# Finding Boxing Day hunts?



## Happy Horse (7 December 2007)

I would love to find a Hunt Meet taking place in Gloucestershire on Boxing Day to go and take some photos.  Is there anywhere I can find out when and where meets are takng place and if anyone knows which hunts meet around Cheltenham/Cirencester I would be really grateful!


----------



## RunToEarth (7 December 2007)

go on www.MFHA.co.uk


----------



## no_no_nanette (7 December 2007)

Looks like you are not going to be in Sussex over Xmas .... but there is a Boxing Day meeting in Lewes every year, and its always very well supported and a great spectacle!


----------



## maroon_5 (7 December 2007)

The VWH usually meet in Cirencester Park on Boxing day, would make for some pretty photos!


----------



## RobinHood (7 December 2007)

As maroon_5 says the VWH are meeting in ciren park


----------



## the watcher (7 December 2007)

Or a bit further afield, the Heythrop Hunt meet in Chipping Norton market place - but you would be one of nearly 1000 spectators, it is a bit of an event


----------



## Maesfen (7 December 2007)

Don't know whether they still do, but the Beaufort always used to meet at the cattle market in Tetbury; really lovely place!  It's not far from Cirencester either, virtually straight road!


----------



## monica987 (7 December 2007)

Another for VWH and I will be there aswell


----------



## Cahill (7 December 2007)

[ QUOTE ]
Another for VWH and I will be there aswell 
	
	
		
		
	


	





[/ QUOTE ] 

me too,up the hill,past the band and by the hollow.


----------



## monica987 (7 December 2007)

Will you be on horse back y_c??


----------



## Cahill (7 December 2007)

sadly no.i think my cob would blow her brains.
out of all the horses/ponies i have had,she is the one i feel most suited to(had her near 9 years,i think)but hunting is the the one thing that would be too exiting for her.boing boing.


----------



## Happy Horse (8 December 2007)

THanks guys!  Do you know what time the VWH meet is?  I'll try and make it to that one.


----------



## Cahill (8 December 2007)

10.30/11


----------



## dotty1 (8 December 2007)

The Beaufort always meet at Worcester Lodge at Didmarton near Badminton on Boxing Day.  They meet in Tetbury old railway goods yard (no cattle market anymore) on New Years Day.

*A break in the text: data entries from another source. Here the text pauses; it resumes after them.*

(* Vertices V = {0,...,p-1} (0-indexed version of {1,...,p});
   L = {0,...,q-1}, R = {q,...,p-1}.  Edges are pairs (i,j) with i < j. *)

Definition edge (p : nat) := ('I_p * 'I_p)%type.

Definition Lset (p q : nat) : {set 'I_p} := [set i : 'I_p | i < q].
Definition Rset (p q : nat) : {set 'I_p} := [set i : 'I_p | q <= i].

Definition twin_pairing (p : nat) (tau : 'I_p -> 'I_p) : Prop :=
  (forall i, tau (tau i) = i) /\ (forall i, tau i != i).

Definition tauE (p : nat) (tau : 'I_p -> 'I_p) (e : edge p) : edge p :=
  if tau e.1 < tau e.2 then (tau e.1, tau e.2) else (tau e.2, tau e.1).

Definition FV (p : nat) : {set edge p} := [set e : edge p | e.1 < e.2].
Definition FL (p : nat) (tau : 'I_p -> 'I_p) : {set edge p} :=
  [set e in FV p | e.1 < tau e.2].
Definition FR (p : nat) (tau : 'I_p -> 'I_p) : {set edge p} :=
  [set e in FV p | tau e.2 < e.1].

Record cgraph (p : nat) := CG {
  vcol : {set {set 'I_p}};
  ecol : {set {set edge p}} }.

Definition edges (p : nat) (G : cgraph p) : {set edge p} := cover (ecol G).

Definition is_cgraph (p : nat) (G : cgraph p) : Prop :=
  partition (vcol G) [set: 'I_p] /\ partition (ecol G) (edges G) /\
  edges G \subset FV p.

Definition is_pdCG (p : nat) (tau : 'I_p -> 'I_p) (G : cgraph p) : Prop :=
  is_cgraph G /\
  (forall C, C \in vcol G ->
     (exists i, C = [set i]) \/ (exists i, C = [set i; tau i])) /\
  (forall D, D \in ecol G ->
     (exists e, D = [set e]) \/
     (exists e, e != tauE tau e /\ D = [set e; tauE tau e])).

(* quadruplet representation (V, E, LL, EE) *)
Definition EL (p : nat) (tau : 'I_p -> 'I_p) (G : cgraph p) := edges G :&: FL tau.
Definition ER (p : nat) (tau : 'I_p -> 'I_p) (G : cgraph p) := edges G :&: FR tau.
Definition LL (p q : nat) (G : cgraph p) : {set 'I_p} :=
  [set i in Lset p q | [set i] \in vcol G].
Definition EE (p : nat) (tau : 'I_p -> 'I_p) (G : cgraph p) : {set edge p} :=
  [set e in EL tau G :&: (tauE tau @: ER tau G) | [set e] \in ecol G].

Definition has_quad (p q : nat) (tau : 'I_p -> 'I_p) (G : cgraph p)
  (E : {set edge p}) (L : {set 'I_p}) (EEs : {set edge p}) : Prop :=
  edges G = E /\ LL q G = L /\ EE tau G = EEs.

Definition union_of (T : finType) (P : {set {set T}}) (C : {set T}) : Prop :=
  exists S : {set {set T}}, S \subset P /\ C = cover S.

(* model inclusion order H <=_s G (combinatorial characterisation of
   P(H) \subseteq P(G)) *)
Definition sle (p : nat) (H G : cgraph p) : Prop :=
  edges H \subset edges G /\
  (forall C, C \in vcol H -> union_of (vcol G) C) /\
  (forall D, D \in ecol H -> union_of (ecol G) D).
Definition slt (p : nat) (H G : cgraph p) : Prop := sle H G /\ H <> G.

Definition scovered (p : nat) (tau : 'I_p -> 'I_p) (H G : cgraph p) : Prop :=
  is_pdCG tau H /\ is_pdCG tau G /\ slt H G /\
  ~ (exists F, is_pdCG tau F /\ slt H F /\ slt F G).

Always Very busy(100s) at both.


----------



## monica987 (8 December 2007)

Well I will see you Happi Horse and y_c then - I will be with the spotty horse. I am on a small bay with a wierd stripe and will have a pink spotty stock


----------



## Cahill (8 December 2007)

will look out for you.
will be on foot with grandaughters and oh.


----------